上辈子,陈书婷就是在那次家长会后,第一次对他说了那句话。
高晓晨,你再这样下去,迟早把自己作死。
后来他真的把自己作死了。
死刑,注射。死之前他最后一眼看见的不是父亲高启强,是安欣。
安欣隔着玻璃对他说,高晓晨,你要是不生在高家,也许是个好人。
然后他就死了。
然后他活了。
高晓晨一巴掌抽在自己脸上。
疼。真他妈疼。
不是做梦,不是幻觉,是真的活过来了。
回到了一切还没开始崩塌的2006年,回到了他还来得及做点什么的年纪。
他坐在床边,大脑像台超负荷运转的电脑。
上辈子的记忆像开了倍速的录像带,在脑子里疯狂回放:高启强怎么一步步走进陈泰的局,
怎么被程程算计,怎么和蒋天翻脸,怎么走到那一步,直到被安欣亲手铐走。
操。
高晓晨骂了一声,站起来,走到窗前。
京江的夜景和他记忆里一模一样。
江面上有货船鸣笛,江对岸的烂尾楼还没拆,那是蒋天后来拿下的地块。
现在那块地还是荒地,一切都来得及。
他必须做点什么。
但他不能直接告诉高启强,爸,你以后会死。
高启强不会信。

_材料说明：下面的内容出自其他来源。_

Lemma qbit_flip k x (l : 'I_N) : qbit l (flip k x) = qbit l x (+) (l == k).
Proof. exact: qbit_flip_bit. Qed.

Lemma eq_qbits (x y : I) : (forall l : 'I_N, qbit l x = qbit l y) -> x = y.
Proof.
move=> eq_bits; apply/val_inj/(@qbit_inj N); rewrite ?ltn_ord // => l ltlN.
exact: (eq_bits (Ordinal ltlN)).
Qed.

Lemma flipK k : involutive (flip k).
Proof. by move=> x; apply: eq_qbits => l; rewrite !qbit_flip -addbA addbb addbF. Qed.

Lemma flipC k m x : flip k (flip m x) = flip m (flip k x).
Proof. by apply: eq_qbits => l; rewrite !qbit_flip -!addbA [(_ == k) (+) _]addbC. Qed.

Lemma flip_neq k x : flip k x != x.
Proof.
by apply/eqP => /(congr1 (fun y : I => qbit k y)); rewrite qbit_flip eqxx addbT; case: qbit.
Qed.

Lemma flip2_neq k m x : k != m -> flip m (flip k x) != x.
Proof.
move=> kNm; apply/eqP => /(congr1 (fun y : I => qbit k y)).
by rewrite !qbit_flip eqxx (negbTE kNm) addbF addbT; case: qbit.
Qed.

End BitFlips.

Local Open Scope ring_scope.

Section MonomialMatrices.
Variables (T : pzRingType) (n : nat).
Implicit Types (p q : 'I_n -> 'I_n) (f g : 'I_n -> T).

Definition monomial_mx p f : 'M[T]_n :=
  \matrix_(x, y) (if y == p x then f x else 0).

Lemma monomial_mxE p f x y : monomial_mx p f x y = if y == p x then f x else 0.
Proof. exact: mxE. Qed.

Lemma eq_monomial_mx p q f g : p =1 q -> f =1 g -> monomial_mx p f = monomial_mx q g.
Proof. by move=> eq_pq eq_fg; apply/matrixP => x y; rewrite !mxE eq_pq eq_fg. Qed.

以他现在的身份,也根本不够格在高启强面前说这些话。
上辈子他活到二十九岁,在他爸眼里始终是个废物儿子。
废物就废物。废物有废物的玩法。
这一世,他不准备当高启强的乖儿子,也不准备当安欣的好线人。
他要走第三条路,一条所有人都想不到的路。
先定一个小目标,把程程拉下马。
上辈子程程是怎么倒的?
不是因为高启强,是因为一个叫李明的会计,手里攥着程程给陈泰做假账的证据。
那个会计后来被程程灭了口,证据也跟着没了。
这辈子,李明还没死。
高晓晨拿起手机看了眼日期,3月15日。李明是4月2日死的。还剩十八天。
他深吸一口气,拨通了一个号码。
喂,哪位。
李明哥,我是高启强的儿子,高晓晨。有笔买卖想跟你谈谈。
电话那头沉默了两秒。
高启强的儿子?找我谈买卖?你多大?
十八。但我手里有一个你死之前最想看到的东西。
你说什么?
程程做假账的那本账。
电话那头彻底没声了。
三秒后,李明的声音变了。你怎么知道——
我怎么知道的不重要。重要的是,你把这本账交给我,我保你活着出京海。
江风从窗外灌进来,吹得窗帘猎猎作响。
高晓晨握着手机,嘴角慢慢浮起一个上辈子从未有过的笑。
这个笑,不像高启强,不像陈书婷。
像他自己。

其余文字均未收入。